Some examples of images to classify

jwatte's picture

The question came up: Why would I go through the trouble of training a neural network, rather than just checking "is the ground in front of me gray-colored?"

I've tried simple color sensing before, and it works OK for "find an orange cone against a non-orange background." It does not work well for "separate a gray concrete floor from a gray concrete wall" or "separate a horizontal mulch ground from a vertical tree trunk" or "separate a well-manicured lawn from a well-manicured hedge or square hay bale."
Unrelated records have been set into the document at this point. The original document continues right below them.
(* Let $(P)$ be a property of C*-algebras. Assume: (1) the zero C*-algebra has $(P)$; (2) whenever $A$ is a separable C*-algebra and $I, J \subseteq A$ are ideals with $(P)$, then $I + J$ has $(P)$; (3) whenever $A$ is a separable C*-algebra and $I_0 \subseteq I_1 \subseteq \cdots \subseteq A$ is a sequence of ideals with $(P)$, then $\overline{\bigcup_{n=0}^\infty I_n}$ has $(P)$. Then $(P)$ separably admits largest ideals.
   Context: All ideals are closed two-sided. $(P)$ separably admits largest ideals if for every separable C*-algebra $A$ there is an ideal $I \subseteq A$ with $(P)$ such that every ideal $J \subseteq A$ with $(P)$ satisfies $J \subseteq I$. *)

From mathcomp Require Import all_boot all_order all_algebra.
From mathcomp Require Import all_classical all_reals all_analysis.
From mathcomp Require Import complex.
Import numFieldNormedType.Exports.
Import Order.TTheory GRing.Theory Num.Theory.
Set Implicit Arguments. Unset Strict Implicit. Unset Printing Implicit Defensive.
Local Open Scope ring_scope.
Local Open Scope classical_set_scope.

(** A (not necessarily unital) complex C*-algebra: a complex Banach space with
    a bilinear associative multiplication, a conjugate-linear involutive
    anti-multiplicative involution, a submultiplicative norm and the
    C*-identity ||x^* x|| = ||x||^2. (Norms take values in R[i]; they are real.) *)
Record CstarAlg (R : realType) := {
  cs_car :> completeNormedModType R[i];
  cs_mul : cs_car -> cs_car -> cs_car;
  cs_star : cs_car -> cs_car;
  cs_mulDl : forall (a : R[i]) (x y z : cs_car),
      cs_mul (a *: x + y) z = a *: cs_mul x z + cs_mul y z;
  cs_mulDr : forall (a : R[i]) (x y z : cs_car),
      cs_mul z (a *: x + y) = a *: cs_mul z x + cs_mul z y;
  cs_mulA : forall x y z : cs_car, cs_mul x (cs_mul y z) = cs_mul (cs_mul x y) z;
  cs_starD : forall (a : R[i]) (x y : cs_car),
      cs_star (a *: x + y) = a^* *: cs_star x + cs_star y;
  cs_starK : forall x : cs_car, cs_star (cs_star x) = x;
  cs_starM : forall x y : cs_car,
      cs_star (cs_mul x y) = cs_mul (cs_star y) (cs_star x);
  cs_normM : forall x y : cs_car, `|cs_mul x y| <= `|x| * `|y|;
  cs_cstar : forall x : cs_car, `|cs_mul (cs_star x) x| = `|x| ^+ 2
}.

Arguments cs_mul {R} c _ _.
Arguments cs_star {R} c _.

Definition separable (R : realType) (A : CstarAlg R) : Prop :=
  exists D : set A, countable D /\ closure D = setT.

Definition ideal (R : realType) (A : CstarAlg R) (I : set A) : Prop :=
  [/\ I 0,
      (forall (a : R[i]) x y, I x -> I y -> I (a *: x + y)),
      (forall x y, I y -> I (cs_mul A x y) /\ I (cs_mul A y x))
    & closed I].

Definition ideal_sum (R : realType) (A : CstarAlg R) (I J : set A) : set A :=
  [set z | exists x y, I x /\ J y /\ z = x + y].

Definition is_zero_alg (R : realType) (B : CstarAlg R) : Prop :=
  forall x : B, x = 0.

Definition star_iso_onto (R : realType) (B A : CstarAlg R) (f : B -> A)
    (I : set A) : Prop :=
  [/\ (forall (a : R[i]) x y, f (a *: x + y) = a *: f x + f y),
      (forall x y, f (cs_mul B x y) = cs_mul A (f x) (f y)),
      (forall x, f (cs_star B x) = cs_star A (f x)),
      (forall x, `|f x| = `|x|)
    & range f = I].

(** The ideal I of A, regarded as a C*-algebra, has the property P:
    I is *-isomorphic to some C*-algebra B with property P. *)
Definition ideal_hasP (R : realType) (P : CstarAlg R -> Prop) (A : CstarAlg R)
    (I : set A) : Prop :=
  exists (B : CstarAlg R) (f : B -> A), P B /\ star_iso_onto f I.

Definition separably_admits_largest_ideals (R : realType)
    (P : CstarAlg R -> Prop) : Prop :=
  forall A : CstarAlg R, separable A ->
    exists I : set A, [/\ ideal I, ideal_hasP P I &
      forall J : set A, ideal J -> ideal_hasP P J -> J `<=` I].

(* Enumerate a countable basis (U_n) of the separable algebra A and pick, for
   each n, an ideal J_n with (P) that meets U_n whenever some ideal with (P)
   does.  Every ideal with (P) then lies in the closure of the union of the J_n.
   The partial sums J_0 + ... + J_(n-1) form an increasing sequence of ideals
   with (P) exhausting that union, so the closure of their union is an ideal
   with (P) containing all others. *)

From HB Require Import structures.
From mathcomp Require Import all_boot all_order all_algebra.
From mathcomp Require Import all_classical all_reals all_analysis.
From mathcomp Require Import complex.
Import numFieldNormedType.Exports.
Import Order.TTheory GRing.Theory Num.Theory.
Local Open Scope ring_scope.
Local Open Scope classical_set_scope.

Lemma closure_homo {T : topologicalType} {S : set T} {g : T -> T} :
  continuous g -> {homo g : x / S x} -> {homo g : x / closure S x}.
Proof.
move=> gC gS x Sx N /gC/Sx[u [Su Nu]].
by exists (g u); split => //; exact: gS.
Qed.

Lemma lipschitz_continuous (K : numFieldType) (V W : normedModType K)
    (g : V -> W) (c : K) : 0 <= c ->
  (forall x y, `|g x - g y| <= c * `|x - y|) -> continuous g.
Proof.
move=> c0 lip x; apply/cvgrPdist_lt => e e0.
have c1 : 0 < c + 1 by rewrite ltr_wpDl.
near=> y; apply: (le_lt_trans (lip x y)).
apply: (@le_lt_trans _ _ ((c + 1) * `|x - y|)).
  by rewrite ler_wpM2r // lerDl.
rewrite -ltr_pdivlMl //; near: y.
by apply: (@cvgr_dist_lt _ _ _ _ _ id); rewrite // mulr_gt0 ?invr_gt0.
Unshelve. all: by end_near.
Qed.

Lemma isometry_range_closed (K : numFieldType) (V : completeNormedModType K)
    (W : normedModType K) (f : V -> W) :
  (forall x y, `|f x - f y| = `|x - y|) -> closed (range f).
Proof.
move=> fiso z zf.
(* The preimage under f of the neighbourhoods of z is a Cauchy filter on the
   complete space V; its limit is mapped to z. *)
pose G := filter_from (nbhs z) (preimage f).
have GF : Filter G.
  apply: filter_from_filter; first by exists setT; exact: filterT.
  by move=> N M Nz Mz; exists (N `&` M); [exact: filterI|].
have GP : ProperFilter G.
  by apply: filter_from_proper => N /zf[_ [[x _ <-] Nfx]]; exists x.
have Gcauchy : cauchy G.
  apply/cauchy_ballP => e e0.
  exists (f @^-1` ball z (e / 2), f @^-1` ball z (e / 2)).
    by split; exists (ball z (e / 2)) => //; apply: nbhsx_ballx; rewrite divr_gt0.
  case=> x y [/= zx zy]; have := ball_splitr zx zy.
  by rewrite -!ball_normE /= fiso.
have /cvg_ex[x Gx] := @cauchy_cvg _ G GP Gcauchy.
exists x => //.
have fC : continuous f.
  by apply: (@lipschitz_continuous _ _ _ _ 1) => // u v; rewrite fiso mul1r.
have fGx : f @ G --> f x := cvg_trans (cvg_app f Gx) (fC x).
have fGz : f @ G --> z by move=> N Nz; exists N.
exact: cvg_unique fGx fGz.
Qed.

Lemma countable_subfamily_closure {T : topologicalType} {Q : set T -> Prop} :
  @second_countable T -> (exists K, Q K) ->
  exists J : nat -> set T,
    (forall n, Q (J n)) /\ forall K, Q K -> K `<=` closure (\bigcup_n J n).
Proof.
move=> [B cB [_ baseB]] [K0 QK0].
have [g gB] : exists g : nat -> set T, set_surj setT B g by apply/pcard_surjP.
have /choice[J JP] : forall n, exists J, Q J /\
    ((exists2 K, Q K & K `&` g n !=set0) -> J `&` g n !=set0).
  move=> n; case: (pselect (exists2 K, Q K & K `&` g n !=set0)) => [[K QK Kg]|nK].
    by exists K.
  by exists K0; split => // /nK.
exists J; split=> [n|K QK x Kx N Nx]; first exact: (JP n).1.
have [U [BU Ux] UN] := baseB x N Nx.
have [n _ gnU] := gB U BU.
have [|y [Jy gy]] := (JP n).2; first by exists K => //; exists x; rewrite gnU.
by exists y; split; [exists n | apply: UN; rewrite -gnU].
Qed.

Lemma complex_natSinv_lt (R : realType) (e : R[i]) :
  0 < e -> exists k : nat, k.+1%:R^-1 < e.
Proof.
case: e => a b; rewrite ltcE /= => /andP[/eqP -> a0].
have [k _ /(_ k (leqnn k)) ka] := near_infty_natSinv_lt (PosNum a0).
exists k; rewrite -(rmorph_nat (real_complex R)) -fmorphV.
by rewrite ltcR.
Qed.

Lemma separable_second_countable {R : realType} {V : normedModType R[i]} :
  (exists D : set V, countable D /\ closure D = setT) -> @second_countable V.
Proof.
move=> [D [cD Ddense]].
exists ((fun p => ball p.1 p.2.+1%:R^-1) @` (D `*` [set: nat])).
  exact: sub_countable (card_image_le _ _) (countableX cD (countableP _)).
split=> [_ [[d k] _ <-]|x N /nbhs_ballP[r r0 xrN]]; first exact: ball_open.
have [k kr] := @complex_natSinv_lt R _ (divr_gt0 r0 (ltr0Sn _ 1)).
have /(_ (ball x k.+1%:R^-1))[|d [Dd xd]] : closure D x by rewrite Ddense.
  by apply: nbhsx_ballx; rewrite invr_gt0.
exists (ball d k.+1%:R^-1); first by split; [exists (d, k) | exact: ball_sym].
move=> y dy; apply/xrN/(le_ball _ (ball_triangle xd dy)).
by rewrite [leRHS]splitr lerD // ltW.
Qed.

Section ZeroAlgebra.
Variable R : realType.

Definition zero_space := 'M[R[i]]_(0, 0).
HB.instance Definition _ := NormedModule.on zero_space.

Lemma zero_space_eq0 (x : zero_space) : x = 0.
Proof. exact: flatmx0. Qed.

Lemma zero_space_complete (F : set_system zero_space) :
  ProperFilter F -> cauchy F -> cvg F.
Proof.
move=> FF _; apply/cvg_ex; exists 0 => S /nbhs_singleton S0.
suff -> : S = setT by exact: filterT.
by rewrite predeqE => x; rewrite (zero_space_eq0 x).
Qed.
HB.instance Definition _ := Uniform_isComplete.Build zero_space zero_space_complete.

Definition zero_cstar_alg : CstarAlg R.
Proof.
refine (@Build_CstarAlg R zero_space (fun _ _ => 0) (fun _ => 0) _ _ _ _ _ _ _ _);
  do ?by move=> *; apply: etrans (zero_space_eq0 _) (esym (zero_space_eq0 _)).
- by move=> x y; rewrite (zero_space_eq0 x) normr0 mul0r.
- by move=> x; rewrite (zero_space_eq0 x) normr0 expr0n.
Defined.

Lemma zero_cstar_alg_is_zero : is_zero_alg zero_cstar_alg.
Proof. exact: zero_space_eq0. Qed.

End ZeroAlgebra.

Arguments zero_space_eq0 {R}.

Section CstarAlgebra.
Context {R : realType} {A : CstarAlg R}.

Lemma cs_mulrDr (x y z : A) : cs_mul A x (y + z) = cs_mul A x y + cs_mul A x z.
Proof. by have := cs_mulDr 1 y z x; rewrite !scale1r. Qed.

Lemma cs_mulrDl (x y z : A) : cs_mul A (x + y) z = cs_mul A x z + cs_mul A y z.
Proof. by have := cs_mulDl 1 x y z; rewrite !scale1r. Qed.

Lemma cs_mulrBr (x y z : A) : cs_mul A x (y - z) = cs_mul A x y - cs_mul A x z.
Proof. by have := cs_mulDr (-1) z y x; rewrite !scaleN1r addrC [RHS]addrC. Qed.

Lemma cs_mulrBl (x y z : A) : cs_mul A (x - y) z = cs_mul A x z - cs_mul A y z.
Proof. by have := cs_mulDl (-1) y x z; rewrite !scaleN1r addrC [RHS]addrC. Qed.

Lemma cs_mulr0 (x : A) : cs_mul A x 0 = 0.
Proof. by have := cs_mulrBr x x x; rewrite !subrr. Qed.

Lemma cs_mul0r (x : A) : cs_mul A 0 x = 0.
Proof. by have := cs_mulrBl x x x; rewrite !subrr. Qed.

Lemma cs_star0 : cs_star A 0 = 0.
Proof.
have := cs_starD (-1) (0 : A) 0.
by rewrite scaler0 addr0 rmorphN1 scaleN1r addNr.
Qed.

Lemma continuous_cs_mull (x : A) : continuous (cs_mul A x).
Proof.
apply: (@lipschitz_continuous _ _ _ _ `|x|) => // u v.
by rewrite -cs_mulrBr cs_normM.
Qed.

Lemma continuous_cs_mulr (x : A) : continuous (cs_mul A ^~ x).
Proof.
apply: (@lipschitz_continuous _ _ _ _ `|x|) => // u v.
by rewrite -cs_mulrBl mulrC cs_normM.
Qed.

Definition absorbing (U : set A) :=
  forall x y, U y -> U (cs_mul A x y) /\ U (cs_mul A y x).

Lemma ideal_absorbing {I : set A} : ideal I -> absorbing I.
Proof. by case. Qed.

Lemma absorbing0 : absorbing [set 0].
Proof. by move=> x _ ->; rewrite cs_mulr0 cs_mul0r. Qed.

Lemma absorbing_ideal_sum {I J : set A} :
  absorbing I -> absorbing J -> absorbing (ideal_sum I J).
Proof.
move=> Iabs Jabs x _ [y [z [Iy [Jz ->]]]]; split.
  exists (cs_mul A x y), (cs_mul A x z).
  by rewrite cs_mulrDr; split; [case: (Iabs x y) | split; first case: (Jabs x z)].
exists (cs_mul A y x), (cs_mul A z x).
by rewrite cs_mulrDl; split; [case: (Iabs x y) | split; first case: (Jabs x z)].
Qed.

Lemma absorbing_bigcup {I : Type} {U : I -> set A} :
  (forall i, absorbing (U i)) -> absorbing (\bigcup_i U i).
Proof.
move=> Uabs x y [i _ Uy].
by have [] := Uabs i x y Uy; split; exists i.
Qed.

Lemma absorbing_closure {U : set A} : absorbing U -> absorbing (closure U).
Proof.
move=> Uabs x y Uy; split.
  by apply: (closure_homo (continuous_cs_mull x) _ _ Uy) => u /(Uabs x)[].
by apply: (closure_homo (continuous_cs_mulr x) _ _ Uy) => u /(Uabs x)[].
Qed.

Lemma subset_ideal_suml {I J : set A} : J 0 -> I `<=` ideal_sum I J.
Proof. by move=> J0 x Ix; exists x, 0; rewrite addr0. Qed.

Lemma subset_ideal_sumr {I J : set A} : I 0 -> J `<=` ideal_sum I J.
Proof. by move=> I0 y Jy; exists 0, y; rewrite add0r. Qed.

Context {P : CstarAlg R -> Prop}.

Lemma ideal_hasP_zero :
  (forall B, is_zero_alg B -> P B) -> ideal_hasP P [set 0 : A].
Proof.
move=> P0; exists (zero_cstar_alg R), (fun => 0).
split; first exact/P0/zero_cstar_alg_is_zero.
split=> [a x y|x y|x|x|]; rewrite ?scaler0 ?addr0 ?cs_mul0r ?cs_star0 //.
- by rewrite (zero_space_eq0 x) !normr0.
- by rewrite predeqE => y; split=> [[]|->] //; exists 0.
Qed.

Lemma hasP_ideal {I : set A} : ideal_hasP P I -> absorbing I -> ideal I.
Proof.
move=> [B [f [_ [flin _ _ fnorm <-]]]] Iabs.
have fB x y : f (x - y) = f x - f y.
  by have := flin (-1) y x; rewrite !scaleN1r addrC [RHS]addrC.
split=> //.
- by exists 0 => //; have := fB 0 0; rewrite !subrr.
- by move=> a _ _ [x _ <-] [y _ <-]; exists (a *: x + y).
- by apply: isometry_range_closed => x y; rewrite -fB fnorm.
Qed.

End CstarAlgebra.

Theorem lemma1p6 (R : realType) (P : CstarAlg R -> Prop)
  (h0 : forall B : CstarAlg R, is_zero_alg B -> P B)
  (hsum : forall A : CstarAlg R, separable A ->
     forall I J : set A, ideal I -> ideal J -> ideal_hasP P I -> ideal_hasP P J ->
       ideal_hasP P (ideal_sum I J))
  (hunion : forall A : CstarAlg R, separable A ->
     forall In : nat -> set A, (forall n, ideal (In n)) ->
       (forall n, In n `<=` In n.+1) -> (forall n, ideal_hasP P (In n)) ->
       ideal_hasP P (closure (\bigcup_n In n))) :
  separably_admits_largest_ideals P.
Proof.
move=> A sepA; pose Q (J : set A) := ideal J /\ ideal_hasP P J.
have Q0 : Q [set 0].
  by split; [apply: hasP_ideal (ideal_hasP_zero h0) absorbing0 | exact: ideal_hasP_zero].
have QD I J : Q I -> Q J -> Q (ideal_sum I J).
  move=> [iI PI] [iJ PJ]; have PIJ := hsum A sepA I J iI iJ PI PJ; split=> //.
  exact: hasP_ideal PIJ (absorbing_ideal_sum (ideal_absorbing iI) (ideal_absorbing iJ)).
have [J [QJ QJ_sub]] := countable_subfamily_closure
  (separable_second_countable sepA) (ex_intro _ _ Q0).
pose In := fix In n := if n is m.+1 then ideal_sum (In m) (J m) else [set 0 : A].
have QIn n : Q (In n) by elim: n => //= n /QD; apply.
have In0 n : In n 0 by case: (QIn n) => -[].
have InS n : In n `<=` In n.+1.
  by apply: subset_ideal_suml; case: (QJ n) => -[].
have PI := hunion A sepA In (fun n => (QIn n).1) InS (fun n => (QIn n).2).
exists (closure (\bigcup_n In n)); split=> //.
  apply: hasP_ideal PI _; apply/absorbing_closure/absorbing_bigcup => n.
  exact: ideal_absorbing (QIn n).1.
move=> K iK PK; apply: subset_trans (QJ_sub K (conj iK PK)) _.
apply: closureS => x [n _ Jx]; exists n.+1 => //.
exact: subset_ideal_sumr (In0 n) _ Jx.
Qed.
Here are some example images to show the input, and the manual classification I'm making of "stop" (red,) "go" (green,) and "interest" (blue.) These are the classes I'm training the network to recognize.

MergedClassifiedSource
dirtdirtdirt
mulchmulchmulch
coneconecone

Again, these are manually labeled images; part of the hundreds of images I have to paint by myself to start teaching the computer what to think.

Once this training is done, I will move on to object detection, which will let me sense "people" versus "other rovers" and such, and presumably make better safety decisions.

Finally, I'm looking at integrating stereo vision based on patch-based similarity measures for disparity (image separation.) This would let me build a 3D model of the surroundings, and compared with the stop/go information, would allow for autonomous navigation even absent encoder input.

At the SparkFun AVC, there is a significant bonus for vehicles that don't use GPS, and I've found that GPS is slow and inaccurate enough that I'd rather depend on a gyroscopic sensor, accelerometer sensor, and magnetometer (compass) sensor, together with high-resolution rotation encoders for each of the wheels. If I could add image-based movement detection / SLAM to that, I feel I'd have a very robust solution.